EXERCISE DESCRIPTION: Search the entries below. Return every line that has "exprMn" in it.

◆ ◆ ◆ ◆ ◆ ◆ ◆

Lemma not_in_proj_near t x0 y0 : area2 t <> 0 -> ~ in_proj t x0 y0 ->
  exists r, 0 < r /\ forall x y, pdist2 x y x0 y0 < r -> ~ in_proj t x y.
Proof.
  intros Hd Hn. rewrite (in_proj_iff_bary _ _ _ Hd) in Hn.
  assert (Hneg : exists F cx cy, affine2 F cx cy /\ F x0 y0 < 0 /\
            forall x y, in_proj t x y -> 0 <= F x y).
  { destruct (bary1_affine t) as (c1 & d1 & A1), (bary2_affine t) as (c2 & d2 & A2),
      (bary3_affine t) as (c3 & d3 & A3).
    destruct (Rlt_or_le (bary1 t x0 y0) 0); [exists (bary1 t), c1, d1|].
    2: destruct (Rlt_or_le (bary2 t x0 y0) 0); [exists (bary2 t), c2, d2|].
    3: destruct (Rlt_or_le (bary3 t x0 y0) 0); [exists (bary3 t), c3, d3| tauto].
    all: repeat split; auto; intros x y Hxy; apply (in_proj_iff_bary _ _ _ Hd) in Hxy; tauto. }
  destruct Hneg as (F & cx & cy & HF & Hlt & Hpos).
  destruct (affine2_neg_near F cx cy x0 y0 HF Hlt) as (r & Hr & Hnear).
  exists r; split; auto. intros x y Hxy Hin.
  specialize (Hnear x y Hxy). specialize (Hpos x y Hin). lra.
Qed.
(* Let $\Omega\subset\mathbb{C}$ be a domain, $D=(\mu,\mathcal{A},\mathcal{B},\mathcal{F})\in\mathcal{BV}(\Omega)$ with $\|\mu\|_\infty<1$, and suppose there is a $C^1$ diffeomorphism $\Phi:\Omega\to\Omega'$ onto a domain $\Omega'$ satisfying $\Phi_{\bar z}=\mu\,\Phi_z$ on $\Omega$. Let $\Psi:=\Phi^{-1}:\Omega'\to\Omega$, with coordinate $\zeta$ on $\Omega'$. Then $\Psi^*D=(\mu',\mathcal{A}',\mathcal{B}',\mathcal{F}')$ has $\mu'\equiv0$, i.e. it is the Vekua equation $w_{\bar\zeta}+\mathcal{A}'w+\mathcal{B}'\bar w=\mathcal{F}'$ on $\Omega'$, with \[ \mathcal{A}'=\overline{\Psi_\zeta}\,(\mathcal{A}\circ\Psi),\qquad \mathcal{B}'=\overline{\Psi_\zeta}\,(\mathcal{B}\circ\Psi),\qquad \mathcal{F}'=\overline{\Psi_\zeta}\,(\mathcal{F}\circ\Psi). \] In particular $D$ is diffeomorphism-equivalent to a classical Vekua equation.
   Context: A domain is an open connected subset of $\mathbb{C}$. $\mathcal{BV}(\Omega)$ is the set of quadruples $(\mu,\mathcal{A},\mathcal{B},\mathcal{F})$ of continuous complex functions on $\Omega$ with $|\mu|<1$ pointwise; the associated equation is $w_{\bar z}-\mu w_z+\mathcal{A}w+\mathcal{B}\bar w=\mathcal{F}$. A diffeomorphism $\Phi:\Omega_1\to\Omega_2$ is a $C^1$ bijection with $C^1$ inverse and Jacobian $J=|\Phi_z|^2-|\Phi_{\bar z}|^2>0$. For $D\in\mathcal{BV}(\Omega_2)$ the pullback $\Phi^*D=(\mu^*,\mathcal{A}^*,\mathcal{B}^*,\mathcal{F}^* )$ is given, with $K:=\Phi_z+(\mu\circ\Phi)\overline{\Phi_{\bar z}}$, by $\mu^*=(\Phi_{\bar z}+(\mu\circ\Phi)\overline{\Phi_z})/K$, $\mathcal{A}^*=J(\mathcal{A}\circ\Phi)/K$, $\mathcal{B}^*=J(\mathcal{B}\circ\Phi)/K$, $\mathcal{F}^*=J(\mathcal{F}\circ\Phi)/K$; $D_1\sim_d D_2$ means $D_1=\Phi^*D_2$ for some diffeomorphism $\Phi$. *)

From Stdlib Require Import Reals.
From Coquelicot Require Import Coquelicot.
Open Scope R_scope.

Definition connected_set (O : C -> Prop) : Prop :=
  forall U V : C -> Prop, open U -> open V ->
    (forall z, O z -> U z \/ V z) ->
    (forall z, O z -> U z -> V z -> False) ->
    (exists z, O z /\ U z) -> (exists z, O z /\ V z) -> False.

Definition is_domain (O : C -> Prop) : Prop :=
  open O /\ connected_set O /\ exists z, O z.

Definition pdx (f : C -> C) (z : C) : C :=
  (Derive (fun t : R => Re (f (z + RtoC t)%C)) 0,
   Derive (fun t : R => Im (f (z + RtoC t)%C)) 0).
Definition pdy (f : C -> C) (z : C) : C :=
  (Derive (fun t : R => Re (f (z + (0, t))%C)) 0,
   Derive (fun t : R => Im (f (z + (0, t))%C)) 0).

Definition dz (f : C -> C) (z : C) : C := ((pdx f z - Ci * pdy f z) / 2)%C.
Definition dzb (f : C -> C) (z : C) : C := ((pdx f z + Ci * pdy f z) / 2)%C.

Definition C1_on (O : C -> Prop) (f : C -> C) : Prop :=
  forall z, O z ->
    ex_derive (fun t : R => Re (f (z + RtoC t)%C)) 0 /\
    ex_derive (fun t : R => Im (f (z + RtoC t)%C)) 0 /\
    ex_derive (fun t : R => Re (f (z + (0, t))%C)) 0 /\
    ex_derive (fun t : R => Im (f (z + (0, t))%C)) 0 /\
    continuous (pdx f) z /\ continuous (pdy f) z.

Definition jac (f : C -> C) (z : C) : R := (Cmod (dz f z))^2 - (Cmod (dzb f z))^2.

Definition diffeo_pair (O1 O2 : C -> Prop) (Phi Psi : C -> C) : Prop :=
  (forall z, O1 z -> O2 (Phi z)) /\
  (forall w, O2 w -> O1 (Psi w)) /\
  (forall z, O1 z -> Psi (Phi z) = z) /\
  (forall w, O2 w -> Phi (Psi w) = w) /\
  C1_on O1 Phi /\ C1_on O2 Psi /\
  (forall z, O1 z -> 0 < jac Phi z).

◆ ◆ ◆ ◆ ◆ ◆ ◆

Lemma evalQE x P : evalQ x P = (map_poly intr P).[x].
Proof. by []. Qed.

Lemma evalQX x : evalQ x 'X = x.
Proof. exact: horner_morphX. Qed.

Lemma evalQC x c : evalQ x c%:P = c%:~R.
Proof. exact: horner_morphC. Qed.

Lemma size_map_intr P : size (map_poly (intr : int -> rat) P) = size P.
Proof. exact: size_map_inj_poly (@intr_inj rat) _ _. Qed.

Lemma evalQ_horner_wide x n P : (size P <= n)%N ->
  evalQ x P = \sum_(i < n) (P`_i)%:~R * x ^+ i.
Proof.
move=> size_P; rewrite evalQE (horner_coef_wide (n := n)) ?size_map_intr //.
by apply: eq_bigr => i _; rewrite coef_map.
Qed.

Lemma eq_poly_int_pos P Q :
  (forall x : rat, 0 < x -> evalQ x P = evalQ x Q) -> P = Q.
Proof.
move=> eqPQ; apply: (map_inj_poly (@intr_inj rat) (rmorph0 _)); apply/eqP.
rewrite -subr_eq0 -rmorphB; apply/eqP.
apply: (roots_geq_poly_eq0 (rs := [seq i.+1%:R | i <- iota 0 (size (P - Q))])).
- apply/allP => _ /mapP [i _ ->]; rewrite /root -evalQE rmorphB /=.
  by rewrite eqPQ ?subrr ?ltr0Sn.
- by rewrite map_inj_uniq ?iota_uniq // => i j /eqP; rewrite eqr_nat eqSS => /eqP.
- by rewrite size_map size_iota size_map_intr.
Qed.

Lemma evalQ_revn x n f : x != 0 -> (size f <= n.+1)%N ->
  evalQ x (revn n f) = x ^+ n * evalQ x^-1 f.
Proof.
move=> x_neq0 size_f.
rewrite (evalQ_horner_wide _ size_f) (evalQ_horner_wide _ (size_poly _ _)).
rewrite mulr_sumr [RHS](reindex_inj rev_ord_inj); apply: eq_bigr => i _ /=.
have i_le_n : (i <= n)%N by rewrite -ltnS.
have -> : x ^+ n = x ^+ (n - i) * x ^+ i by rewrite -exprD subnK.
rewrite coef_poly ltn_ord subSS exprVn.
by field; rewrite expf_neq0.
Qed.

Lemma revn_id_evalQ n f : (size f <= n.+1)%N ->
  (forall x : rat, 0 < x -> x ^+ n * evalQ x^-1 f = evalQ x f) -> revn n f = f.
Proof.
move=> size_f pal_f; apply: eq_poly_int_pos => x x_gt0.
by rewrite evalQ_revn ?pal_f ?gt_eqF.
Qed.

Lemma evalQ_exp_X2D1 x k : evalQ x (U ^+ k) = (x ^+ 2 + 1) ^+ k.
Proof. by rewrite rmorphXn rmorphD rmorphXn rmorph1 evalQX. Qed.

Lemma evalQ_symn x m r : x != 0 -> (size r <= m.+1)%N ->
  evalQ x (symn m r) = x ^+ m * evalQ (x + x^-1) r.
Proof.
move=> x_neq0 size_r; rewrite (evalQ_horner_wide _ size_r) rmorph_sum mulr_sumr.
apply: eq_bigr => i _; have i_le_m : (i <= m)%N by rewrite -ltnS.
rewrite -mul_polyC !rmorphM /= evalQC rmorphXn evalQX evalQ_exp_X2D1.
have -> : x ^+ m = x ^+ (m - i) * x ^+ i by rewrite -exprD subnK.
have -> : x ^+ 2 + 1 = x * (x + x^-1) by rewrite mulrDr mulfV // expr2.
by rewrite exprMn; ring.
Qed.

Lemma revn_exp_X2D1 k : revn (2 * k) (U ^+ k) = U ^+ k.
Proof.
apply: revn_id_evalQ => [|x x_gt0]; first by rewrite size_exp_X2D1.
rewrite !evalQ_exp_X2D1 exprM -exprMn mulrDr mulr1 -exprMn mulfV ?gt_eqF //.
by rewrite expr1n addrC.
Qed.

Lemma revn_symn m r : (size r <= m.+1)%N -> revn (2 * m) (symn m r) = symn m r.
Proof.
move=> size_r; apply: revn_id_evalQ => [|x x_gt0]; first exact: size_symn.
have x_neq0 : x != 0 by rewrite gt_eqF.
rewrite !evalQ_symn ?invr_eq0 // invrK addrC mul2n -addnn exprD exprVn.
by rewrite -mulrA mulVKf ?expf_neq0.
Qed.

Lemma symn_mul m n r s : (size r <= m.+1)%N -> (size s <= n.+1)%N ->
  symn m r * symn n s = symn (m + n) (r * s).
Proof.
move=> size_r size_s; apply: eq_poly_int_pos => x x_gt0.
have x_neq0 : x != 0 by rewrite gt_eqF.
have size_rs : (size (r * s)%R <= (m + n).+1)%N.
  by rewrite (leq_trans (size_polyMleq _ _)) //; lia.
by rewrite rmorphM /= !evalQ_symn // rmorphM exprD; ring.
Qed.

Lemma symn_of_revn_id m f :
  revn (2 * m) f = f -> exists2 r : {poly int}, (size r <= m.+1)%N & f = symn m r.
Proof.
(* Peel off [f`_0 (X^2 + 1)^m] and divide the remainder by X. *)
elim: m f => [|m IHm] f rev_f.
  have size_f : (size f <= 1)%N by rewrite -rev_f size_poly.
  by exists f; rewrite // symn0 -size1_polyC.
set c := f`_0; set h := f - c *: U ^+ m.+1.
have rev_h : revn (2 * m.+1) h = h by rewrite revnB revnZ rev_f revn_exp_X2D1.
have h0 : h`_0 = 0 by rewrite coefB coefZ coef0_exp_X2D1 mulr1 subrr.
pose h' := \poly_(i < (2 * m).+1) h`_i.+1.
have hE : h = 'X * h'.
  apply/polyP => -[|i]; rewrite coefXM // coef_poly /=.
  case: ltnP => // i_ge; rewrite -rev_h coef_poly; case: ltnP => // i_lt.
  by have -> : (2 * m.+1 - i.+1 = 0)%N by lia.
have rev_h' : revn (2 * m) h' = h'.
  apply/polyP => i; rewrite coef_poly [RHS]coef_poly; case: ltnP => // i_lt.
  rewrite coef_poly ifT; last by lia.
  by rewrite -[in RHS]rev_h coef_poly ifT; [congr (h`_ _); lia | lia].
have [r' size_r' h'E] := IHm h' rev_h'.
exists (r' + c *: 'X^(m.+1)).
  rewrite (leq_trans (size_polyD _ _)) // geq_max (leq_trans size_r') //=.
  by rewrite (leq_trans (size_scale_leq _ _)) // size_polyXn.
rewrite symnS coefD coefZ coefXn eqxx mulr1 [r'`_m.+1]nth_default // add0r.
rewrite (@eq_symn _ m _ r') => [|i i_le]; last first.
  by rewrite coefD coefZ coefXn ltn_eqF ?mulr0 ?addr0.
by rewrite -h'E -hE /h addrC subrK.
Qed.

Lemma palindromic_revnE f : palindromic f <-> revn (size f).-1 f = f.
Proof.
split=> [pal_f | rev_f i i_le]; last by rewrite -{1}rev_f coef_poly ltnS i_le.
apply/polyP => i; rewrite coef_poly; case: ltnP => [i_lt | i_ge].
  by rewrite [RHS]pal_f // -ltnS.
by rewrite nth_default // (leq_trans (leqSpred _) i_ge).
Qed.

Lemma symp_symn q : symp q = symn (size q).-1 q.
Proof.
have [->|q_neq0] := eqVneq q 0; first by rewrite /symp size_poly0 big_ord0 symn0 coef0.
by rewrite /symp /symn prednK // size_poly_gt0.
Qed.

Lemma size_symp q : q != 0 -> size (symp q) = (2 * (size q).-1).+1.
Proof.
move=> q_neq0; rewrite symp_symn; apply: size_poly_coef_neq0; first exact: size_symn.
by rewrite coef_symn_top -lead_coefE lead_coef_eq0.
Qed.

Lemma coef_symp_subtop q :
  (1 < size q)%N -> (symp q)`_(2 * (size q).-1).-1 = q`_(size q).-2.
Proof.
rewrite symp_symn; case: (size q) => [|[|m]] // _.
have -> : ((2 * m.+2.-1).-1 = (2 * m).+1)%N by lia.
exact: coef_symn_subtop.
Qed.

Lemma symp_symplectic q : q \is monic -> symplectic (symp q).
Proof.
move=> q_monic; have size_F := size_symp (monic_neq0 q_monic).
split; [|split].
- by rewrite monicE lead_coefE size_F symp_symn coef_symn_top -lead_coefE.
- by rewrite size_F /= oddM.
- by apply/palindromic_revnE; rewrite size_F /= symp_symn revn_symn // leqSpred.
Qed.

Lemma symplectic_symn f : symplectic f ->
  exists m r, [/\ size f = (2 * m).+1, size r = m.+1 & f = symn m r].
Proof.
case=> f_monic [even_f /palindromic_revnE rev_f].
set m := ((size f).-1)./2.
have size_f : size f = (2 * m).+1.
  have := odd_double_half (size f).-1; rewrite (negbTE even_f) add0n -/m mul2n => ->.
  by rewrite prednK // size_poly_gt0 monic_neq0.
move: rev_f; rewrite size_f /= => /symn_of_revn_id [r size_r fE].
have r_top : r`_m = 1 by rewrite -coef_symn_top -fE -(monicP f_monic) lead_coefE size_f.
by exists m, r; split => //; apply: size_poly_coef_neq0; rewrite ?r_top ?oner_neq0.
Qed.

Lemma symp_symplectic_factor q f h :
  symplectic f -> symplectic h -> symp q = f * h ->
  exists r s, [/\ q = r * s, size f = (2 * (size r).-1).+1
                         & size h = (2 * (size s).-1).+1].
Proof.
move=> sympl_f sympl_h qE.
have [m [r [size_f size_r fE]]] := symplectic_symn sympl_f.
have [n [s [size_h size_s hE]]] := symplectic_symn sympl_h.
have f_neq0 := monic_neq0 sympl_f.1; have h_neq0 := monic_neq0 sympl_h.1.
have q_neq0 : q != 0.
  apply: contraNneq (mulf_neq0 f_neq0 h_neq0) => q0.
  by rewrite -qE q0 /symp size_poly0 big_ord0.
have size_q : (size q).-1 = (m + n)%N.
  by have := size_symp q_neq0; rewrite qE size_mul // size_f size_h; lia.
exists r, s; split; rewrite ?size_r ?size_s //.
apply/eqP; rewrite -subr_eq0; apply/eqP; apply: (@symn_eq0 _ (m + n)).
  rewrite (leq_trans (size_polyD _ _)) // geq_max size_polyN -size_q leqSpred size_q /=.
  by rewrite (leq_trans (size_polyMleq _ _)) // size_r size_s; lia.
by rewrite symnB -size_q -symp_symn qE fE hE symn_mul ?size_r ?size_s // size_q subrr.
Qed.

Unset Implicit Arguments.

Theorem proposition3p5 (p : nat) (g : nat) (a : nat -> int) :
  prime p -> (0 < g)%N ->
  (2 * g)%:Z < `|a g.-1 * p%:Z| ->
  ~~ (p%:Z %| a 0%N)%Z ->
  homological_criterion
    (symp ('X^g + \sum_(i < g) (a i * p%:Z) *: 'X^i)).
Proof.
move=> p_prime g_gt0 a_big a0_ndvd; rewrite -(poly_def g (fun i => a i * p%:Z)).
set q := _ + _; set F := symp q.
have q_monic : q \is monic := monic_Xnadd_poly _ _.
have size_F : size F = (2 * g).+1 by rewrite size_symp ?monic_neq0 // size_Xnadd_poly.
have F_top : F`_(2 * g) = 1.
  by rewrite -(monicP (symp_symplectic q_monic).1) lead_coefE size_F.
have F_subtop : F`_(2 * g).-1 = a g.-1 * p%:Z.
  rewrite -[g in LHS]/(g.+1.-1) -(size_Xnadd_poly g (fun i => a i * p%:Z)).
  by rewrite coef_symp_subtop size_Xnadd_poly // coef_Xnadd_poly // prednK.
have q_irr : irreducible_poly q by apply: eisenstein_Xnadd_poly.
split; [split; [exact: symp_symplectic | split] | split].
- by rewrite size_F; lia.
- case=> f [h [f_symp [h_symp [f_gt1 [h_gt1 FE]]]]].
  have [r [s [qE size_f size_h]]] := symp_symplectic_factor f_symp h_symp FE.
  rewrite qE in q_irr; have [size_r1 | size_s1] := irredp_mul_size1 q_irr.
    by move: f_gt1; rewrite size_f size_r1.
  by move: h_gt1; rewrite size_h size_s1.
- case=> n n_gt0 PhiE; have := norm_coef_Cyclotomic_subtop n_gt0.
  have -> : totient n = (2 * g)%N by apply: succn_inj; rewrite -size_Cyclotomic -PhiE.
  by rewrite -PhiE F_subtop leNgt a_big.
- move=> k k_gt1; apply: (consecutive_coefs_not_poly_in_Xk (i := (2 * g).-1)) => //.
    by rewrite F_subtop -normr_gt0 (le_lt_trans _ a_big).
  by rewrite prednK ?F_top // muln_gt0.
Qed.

◆ ◆ ◆ ◆ ◆ ◆ ◆

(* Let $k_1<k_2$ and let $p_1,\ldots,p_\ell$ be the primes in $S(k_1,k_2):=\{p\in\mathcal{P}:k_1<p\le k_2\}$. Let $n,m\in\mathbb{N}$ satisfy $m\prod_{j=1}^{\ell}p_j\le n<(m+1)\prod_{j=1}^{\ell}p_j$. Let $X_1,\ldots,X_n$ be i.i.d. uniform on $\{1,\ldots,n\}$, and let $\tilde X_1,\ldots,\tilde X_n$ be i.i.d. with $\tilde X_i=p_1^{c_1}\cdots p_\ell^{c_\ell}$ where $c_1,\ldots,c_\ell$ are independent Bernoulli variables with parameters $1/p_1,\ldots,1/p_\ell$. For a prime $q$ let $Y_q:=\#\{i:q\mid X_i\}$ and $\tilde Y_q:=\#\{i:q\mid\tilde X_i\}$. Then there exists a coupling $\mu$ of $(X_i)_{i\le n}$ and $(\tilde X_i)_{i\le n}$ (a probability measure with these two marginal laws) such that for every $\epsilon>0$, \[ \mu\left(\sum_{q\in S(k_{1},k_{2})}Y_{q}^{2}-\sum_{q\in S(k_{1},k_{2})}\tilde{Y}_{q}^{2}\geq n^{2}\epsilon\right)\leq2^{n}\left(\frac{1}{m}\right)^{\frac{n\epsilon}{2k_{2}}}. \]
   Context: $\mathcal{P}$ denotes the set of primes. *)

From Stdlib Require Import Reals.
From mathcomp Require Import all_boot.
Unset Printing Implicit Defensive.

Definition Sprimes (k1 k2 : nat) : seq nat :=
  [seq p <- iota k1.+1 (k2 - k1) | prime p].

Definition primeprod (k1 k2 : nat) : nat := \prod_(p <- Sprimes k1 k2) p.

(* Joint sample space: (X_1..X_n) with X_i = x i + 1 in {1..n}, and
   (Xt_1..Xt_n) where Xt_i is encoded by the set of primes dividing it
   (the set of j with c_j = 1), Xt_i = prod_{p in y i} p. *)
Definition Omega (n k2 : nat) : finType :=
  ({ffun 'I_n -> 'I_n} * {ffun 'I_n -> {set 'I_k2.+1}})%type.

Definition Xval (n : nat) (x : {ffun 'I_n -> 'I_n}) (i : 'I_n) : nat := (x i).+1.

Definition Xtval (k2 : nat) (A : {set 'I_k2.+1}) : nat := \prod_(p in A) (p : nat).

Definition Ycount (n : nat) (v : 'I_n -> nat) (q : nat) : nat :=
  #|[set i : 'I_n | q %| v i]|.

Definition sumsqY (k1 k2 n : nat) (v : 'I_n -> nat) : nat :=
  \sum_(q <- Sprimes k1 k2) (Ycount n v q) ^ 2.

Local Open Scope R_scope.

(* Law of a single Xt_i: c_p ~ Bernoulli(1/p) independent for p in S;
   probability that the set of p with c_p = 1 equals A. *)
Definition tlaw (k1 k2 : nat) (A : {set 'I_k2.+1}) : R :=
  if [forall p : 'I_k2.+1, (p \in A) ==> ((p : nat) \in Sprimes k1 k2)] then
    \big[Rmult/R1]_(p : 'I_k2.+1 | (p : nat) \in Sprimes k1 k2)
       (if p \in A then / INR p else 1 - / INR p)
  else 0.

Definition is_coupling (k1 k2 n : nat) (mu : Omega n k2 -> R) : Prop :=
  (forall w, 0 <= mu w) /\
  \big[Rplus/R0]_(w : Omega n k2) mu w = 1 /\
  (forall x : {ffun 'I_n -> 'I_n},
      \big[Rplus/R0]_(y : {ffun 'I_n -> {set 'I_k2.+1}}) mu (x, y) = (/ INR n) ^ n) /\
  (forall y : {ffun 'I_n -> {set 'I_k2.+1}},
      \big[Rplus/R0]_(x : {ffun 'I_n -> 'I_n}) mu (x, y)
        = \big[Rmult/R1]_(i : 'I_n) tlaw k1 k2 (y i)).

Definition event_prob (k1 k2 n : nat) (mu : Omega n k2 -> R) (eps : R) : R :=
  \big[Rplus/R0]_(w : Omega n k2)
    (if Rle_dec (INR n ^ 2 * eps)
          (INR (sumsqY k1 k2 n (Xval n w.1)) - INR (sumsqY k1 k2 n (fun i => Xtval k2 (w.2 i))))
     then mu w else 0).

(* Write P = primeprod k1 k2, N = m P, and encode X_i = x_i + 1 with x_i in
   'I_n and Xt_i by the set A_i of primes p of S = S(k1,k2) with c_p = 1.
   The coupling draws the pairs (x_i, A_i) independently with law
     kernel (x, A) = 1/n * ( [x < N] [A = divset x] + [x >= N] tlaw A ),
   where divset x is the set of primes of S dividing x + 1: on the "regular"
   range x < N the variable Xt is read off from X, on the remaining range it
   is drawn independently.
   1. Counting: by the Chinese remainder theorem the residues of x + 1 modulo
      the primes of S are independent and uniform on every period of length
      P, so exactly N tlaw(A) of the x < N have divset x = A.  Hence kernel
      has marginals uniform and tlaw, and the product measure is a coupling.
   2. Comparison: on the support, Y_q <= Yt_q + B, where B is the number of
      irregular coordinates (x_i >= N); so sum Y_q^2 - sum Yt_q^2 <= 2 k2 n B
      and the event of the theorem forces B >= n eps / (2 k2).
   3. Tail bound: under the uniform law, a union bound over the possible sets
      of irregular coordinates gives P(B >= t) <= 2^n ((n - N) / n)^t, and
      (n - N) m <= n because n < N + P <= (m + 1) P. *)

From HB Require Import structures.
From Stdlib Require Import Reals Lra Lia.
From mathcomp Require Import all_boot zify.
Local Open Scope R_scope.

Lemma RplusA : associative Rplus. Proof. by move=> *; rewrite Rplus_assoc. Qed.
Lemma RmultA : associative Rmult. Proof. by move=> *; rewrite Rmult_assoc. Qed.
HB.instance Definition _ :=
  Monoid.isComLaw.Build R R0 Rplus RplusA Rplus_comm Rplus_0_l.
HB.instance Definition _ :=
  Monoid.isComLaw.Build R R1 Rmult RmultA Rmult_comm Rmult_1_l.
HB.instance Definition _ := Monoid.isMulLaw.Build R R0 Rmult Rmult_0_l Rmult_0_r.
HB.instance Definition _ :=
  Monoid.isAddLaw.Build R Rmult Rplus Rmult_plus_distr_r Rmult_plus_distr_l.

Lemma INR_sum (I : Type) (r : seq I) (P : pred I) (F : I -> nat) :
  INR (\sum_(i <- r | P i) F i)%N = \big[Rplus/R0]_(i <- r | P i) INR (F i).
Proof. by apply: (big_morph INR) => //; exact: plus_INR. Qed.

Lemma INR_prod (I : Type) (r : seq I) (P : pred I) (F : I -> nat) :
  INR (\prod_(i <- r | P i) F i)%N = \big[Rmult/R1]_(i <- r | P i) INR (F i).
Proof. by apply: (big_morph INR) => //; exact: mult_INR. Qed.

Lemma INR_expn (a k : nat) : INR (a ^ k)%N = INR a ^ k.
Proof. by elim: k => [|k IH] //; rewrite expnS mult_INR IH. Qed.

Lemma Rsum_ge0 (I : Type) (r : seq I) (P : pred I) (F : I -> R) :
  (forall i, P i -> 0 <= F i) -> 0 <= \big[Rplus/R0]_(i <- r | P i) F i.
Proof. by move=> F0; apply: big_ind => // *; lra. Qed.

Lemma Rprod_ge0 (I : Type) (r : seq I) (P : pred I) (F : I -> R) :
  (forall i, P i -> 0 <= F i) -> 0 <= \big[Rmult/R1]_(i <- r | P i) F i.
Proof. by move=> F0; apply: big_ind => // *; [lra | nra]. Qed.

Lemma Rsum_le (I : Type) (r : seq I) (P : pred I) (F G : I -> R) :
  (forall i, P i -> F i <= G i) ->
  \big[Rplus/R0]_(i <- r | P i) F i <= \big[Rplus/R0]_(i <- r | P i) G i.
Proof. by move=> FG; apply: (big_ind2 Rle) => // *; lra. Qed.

◆ ◆ ◆ ◆ ◆ ◆ ◆

EXERCISE SOLUTION:
by rewrite exprMn; ring.
rewrite !evalQ_exp_X2D1 exprM -exprMn mulrDr mulr1 -exprMn mulfV ?gt_eqF //.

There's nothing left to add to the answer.